Task goal: The required result is the exact run of lines beginning at the one containing "Lemma history_S (t" and ending at the last line of the entries.

Dataset entries:
(* Fix $M>0$ and consider the following repeated game (Protocol 2) between nature, a forecaster and agents, for $t=1,2,\dots$: (1) nature reveals $x_t\in\mathcal{X}$ and chooses $\mu_t^*\in[0,1]$ without revealing it; (2) the forecaster reveals $\mu_t,c_t$; (3) agent $t$, with loss function $l_t:\mathcal{A}\times\{0,1\}\to\mathbb{R}$, reveals an action $a_t\in\mathcal{A}$ and a stake $b_t\in[-M,M]$; (4) nature samples $y_t\sim\mathrm{Bernoulli}(\mu_t^* )$ and reveals $y_t$; (5) the agent incurs loss $l_t(a_t,y_t)-b_t(y_t-\mu_t)+|b_t|c_t$ and the forecaster incurs loss $b_t(y_t-\mu_t)-|b_t|c_t$. Each player's choice at time $t$ may depend arbitrarily on everything revealed before it, but not on future quantities. Suppose additionally that $b_t\ge 0$ for all $t$. Then there exists an algorithm for the forecaster that outputs $\mu_t$ with $c_t\equiv 0$ and is asymptotically exact for $\mu_t^*,b_t$ generated by any strategy of nature and agents, i.e. $$\limsup_{T\to\infty}\frac1T\sum_{t=1}^T b_t(\mu_t-y_t)=0.$$
   Context: A sequence of forecasts $(\mu_t,c_t)$ is called asymptotically exact relative to $y_1,b_1,y_2,b_2,\dots$ if $\limsup_{T\to\infty}\frac1T\sum_{t=1}^T b_t(\mu_t-y_t)-|b_t|c_t=0$. *)

From Stdlib Require Import Reals List.
From Coquelicot Require Import Coquelicot.
Import ListNotations.
Open Scope R_scope.

(* psum f T = f 0 + ... + f (T-1)   (times are 0-indexed: index t <-> paper time t+1) *)
Fixpoint psum (f : nat -> R) (T : nat) : R :=
  match T with
  | O => 0
  | S n => psum f n + f n
  end.

(* (mu_t, c_t) asymptotically exact relative to y_1,b_1,y_2,b_2,... :
   limsup_{T -> oo} (1/T) sum_{t=1}^T ( b_t (mu_t - y_t) - |b_t| c_t ) = 0.
   The averaged sequence is indexed by T-1 (i.e. n |-> average over n+1 rounds),
   which does not change the limsup and avoids division by 0. *)
Definition asymptotically_exact (mu c y b : nat -> R) : Prop :=
  LimSup_seq (fun n => psum (fun t => b t * (mu t - y t) - Rabs (b t) * c t) (S n)
                        / INR (S n)) = Finite 0.

(* The current x_t is passed
   separately.  (The forecaster's own past outputs are recomputable from this.) *)
Definition history {X A : Type} (x : nat -> X) (a : nat -> A) (b y : nat -> R)
  (t : nat) : list (X * A * R * R) :=
  map (fun s => (x s, a s, b s, y s)) (seq 0 t).

(* A deterministic forecasting algorithm outputting mu_t (with c_t = 0). *)
Definition forecaster (X A : Type) := list (X * A * R * R) -> X -> R.

Definition run_forecaster {X A : Type} (F : forecaster X A)
  (x : nat -> X) (a : nat -> A) (b y : nat -> R) : nat -> R :=
  fun t => F (history x a b y t) (x t).

(* The forecaster keeps its running score S_t = sum_{s<t} b_s (mu_s - y_s) and
   plays mu_t = 1 when S_t <= 0 and mu_t = 0 otherwise.  Since b_t >= 0, the
   next increment b_t (mu_t - y_t) is then >= 0 when S_t <= 0 and <= 0 when
   S_t > 0, and it has size at most M; so S_t is pulled back towards 0 and stays
   in [-M, M].  A bounded partial sum divided by T tends to 0. *)
From Stdlib Require Import Reals List Lra.
From Coquelicot Require Import Coquelicot.
Import ListNotations.
Open Scope R_scope.

Lemma psum_ext (f g : nat -> R) (n : nat) :
  (forall t, f t = g t) -> psum f n = psum g n.
Proof. intros Hfg; induction n as [|n IH]; simpl; [reflexivity | now rewrite IH, Hfg]. Qed.

Lemma is_lim_seq_bounded_div_INR (u : nat -> R) (M : R) :
  (forall n, Rabs (u n) <= M) -> is_lim_seq (fun n => u n / INR (S n)) 0.
Proof.
  intros Hu.
  assert (Hlim : is_lim_seq (fun n => M * / INR (S n)) 0).
  { replace (Finite 0) with (Rbar_mult M (Rbar_inv p_infty)) by (simpl; f_equal; ring).
    apply is_lim_seq_scal_l, is_lim_seq_inv; [|discriminate].
    apply (is_lim_seq_incr_1 INR), is_lim_seq_INR. }
  apply (is_lim_seq_le_le (fun n => - (M * / INR (S n))) _ (fun n => M * / INR (S n))).
  - intros n.
    assert (Hinv : 0 < / INR (S n)) by apply Rinv_0_lt_compat, lt_0_INR, Nat.lt_0_succ.
    destruct (proj1 (Rabs_le_between _ _) (Hu n)).
    unfold Rdiv; split; nra.
  - replace (Finite 0) with (Rbar_opp 0) by (simpl; f_equal; ring).
    exact (proj1 (is_lim_seq_opp _ _) Hlim).
  - exact Hlim.
Qed.

Lemma LimSup_average_of_bounded_psum (f : nat -> R) (M : R) :
  (forall n, Rabs (psum f n) <= M) ->
  LimSup_seq (fun n => psum f (S n) / INR (S n)) = Finite 0.
Proof.
  intros Hf.
  apply is_LimSup_seq_unique, is_lim_LimSup_seq.
  now apply (is_lim_seq_bounded_div_INR (fun n => psum f (S n)) M).
Qed.

Definition hedge (s : R) : R := if Rle_dec s 0 then 1 else 0.

Lemma hedge_range (s : R) : 0 <= hedge s <= 1.
Proof. unfold hedge; destruct (Rle_dec s 0); lra. Qed.

Lemma hedge_step_bound (M s bt yt : R) :
  Rabs s <= M -> 0 <= bt <= M -> yt = 0 \/ yt = 1 ->
  Rabs (s + bt * (hedge s - yt)) <= M.
Proof.
  intros Hs Hbt Hyt.
  apply Rabs_le_between in Hs; apply Rabs_le.
  unfold hedge; destruct (Rle_dec s 0), Hyt as [-> | ->]; nra.
Qed.

Definition score_step {X A : Type} (s : R) (e : X * A * R * R) : R :=
  let '(_, _, bt, yt) := e in s + bt * (hedge s - yt).

Definition score {X A : Type} (h : list (X * A * R * R)) : R :=
  fold_left score_step h 0.

Definition hedging_forecaster (X A : Type) : forecaster X A :=
  fun h _ => hedge (score h).

Section HedgingRun.

Variables (X A : Type) (x : nat -> X) (a : nat -> A) (b y : nat -> R).

Lemma history_S (t : nat) :
  history x a b y (S t) = history x a b y t ++ [(x t, a t, b t, y t)].
Proof. unfold history; now rewrite seq_S, map_app. Qed.

Lemma score_history_S (t : nat) :
  score (history x a b y (S t))
  = score (history x a b y t) + b t * (hedge (score (history x a b y t)) - y t).
Proof. unfold score; now rewrite history_S, fold_left_app. Qed.

Lemma psum_hedging_forecaster (t : nat) :
  psum (fun s => b s * (run_forecaster (hedging_forecaster X A) x a b y s - y s)) t
  = score (history x a b y t).
Proof.
  induction t as [|t IH]; [reflexivity|].
  simpl psum; now rewrite IH, score_history_S.
Qed.

Lemma score_history_bound (M : R) :
  0 <= M -> (forall t, 0 <= b t <= M) -> (forall t, y t = 0 \/ y t = 1) ->
  forall t, Rabs (score (history x a b y t)) <= M.
Proof.
  intros HM Hb Hy t; induction t as [|t IH].
  - unfold score; simpl; rewrite Rabs_R0; exact HM.
  - rewrite score_history_S; now apply hedge_step_bound.
Qed.

End HedgingRun.

Theorem corollary1 :
  forall (X A : Type) (M : R), 0 < M ->
  exists F : forecaster X A,
    (forall h xt, 0 <= F h xt <= 1) /\
    forall (x : nat -> X) (a : nat -> A) (b y : nat -> R),
      (forall t, - M <= b t <= M) ->
      (forall t, 0 <= b t) ->
      (forall t, y t = 0 \/ y t = 1) ->
      asymptotically_exact (run_forecaster F x a b y) (fun _ => 0) y b.
Proof.
  intros X A M HM. exists (hedging_forecaster X A). split.
  - intros h xt; apply hedge_range.
  - intros x a b y Hb Hb0 Hy.
    apply LimSup_average_of_bounded_psum with M; intros n.
    rewrite (psum_ext _ (fun s => b s * (run_forecaster (hedging_forecaster X A) x a b y s - y s)))
      by (intros s; ring).
    rewrite psum_hedging_forecaster.
    apply score_history_bound; [lra | | exact Hy].
    intros t; split; [apply Hb0 | apply Hb].
Qed.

Solved exercise:
Lemma history_S (t : nat) :
  history x a b y (S t) = history x a b y t ++ [(x t, a t, b t, y t)].
Proof. unfold history; now rewrite seq_S, map_app. Qed.

Lemma score_history_S (t : nat) :
  score (history x a b y (S t))
  = score (history x a b y t) + b t * (hedge (score (history x a b y t)) - y t).
Proof. unfold score; now rewrite history_S, fold_left_app. Qed.

Lemma psum_hedging_forecaster (t : nat) :
  psum (fun s => b s * (run_forecaster (hedging_forecaster X A) x a b y s - y s)) t
  = score (history x a b y t).
Proof.
  induction t as [|t IH]; [reflexivity|].
  simpl psum; now rewrite IH, score_history_S.
Qed.

Lemma score_history_bound (M : R) :
  0 <= M -> (forall t, 0 <= b t <= M) -> (forall t, y t = 0 \/ y t = 1) ->
  forall t, Rabs (score (history x a b y t)) <= M.
Proof.
  intros HM Hb Hy t; induction t as [|t IH].
  - unfold score; simpl; rewrite Rabs_R0; exact HM.
  - rewrite score_history_S; now apply hedge_step_bound.
Qed.

End HedgingRun.

Theorem corollary1 :
  forall (X A : Type) (M : R), 0 < M ->
  exists F : forecaster X A,
    (forall h xt, 0 <= F h xt <= 1) /\
    forall (x : nat -> X) (a : nat -> A) (b y : nat -> R),
      (forall t, - M <= b t <= M) ->
      (forall t, 0 <= b t) ->
      (forall t, y t = 0 \/ y t = 1) ->
      asymptotically_exact (run_forecaster F x a b y) (fun _ => 0) y b.
Proof.
  intros X A M HM. exists (hedging_forecaster X A). split.
  - intros h xt; apply hedge_range.
  - intros x a b y Hb Hb0 Hy.
    apply LimSup_average_of_bounded_psum with M; intros n.
    rewrite (psum_ext _ (fun s => b s * (run_forecaster (hedging_forecaster X A) x a b y s - y s)))
      by (intros s; ring).
    rewrite psum_hedging_forecaster.
    apply score_history_bound; [lra | | exact Hy].
    intros t; split; [apply Hb0 | apply Hb].
Qed.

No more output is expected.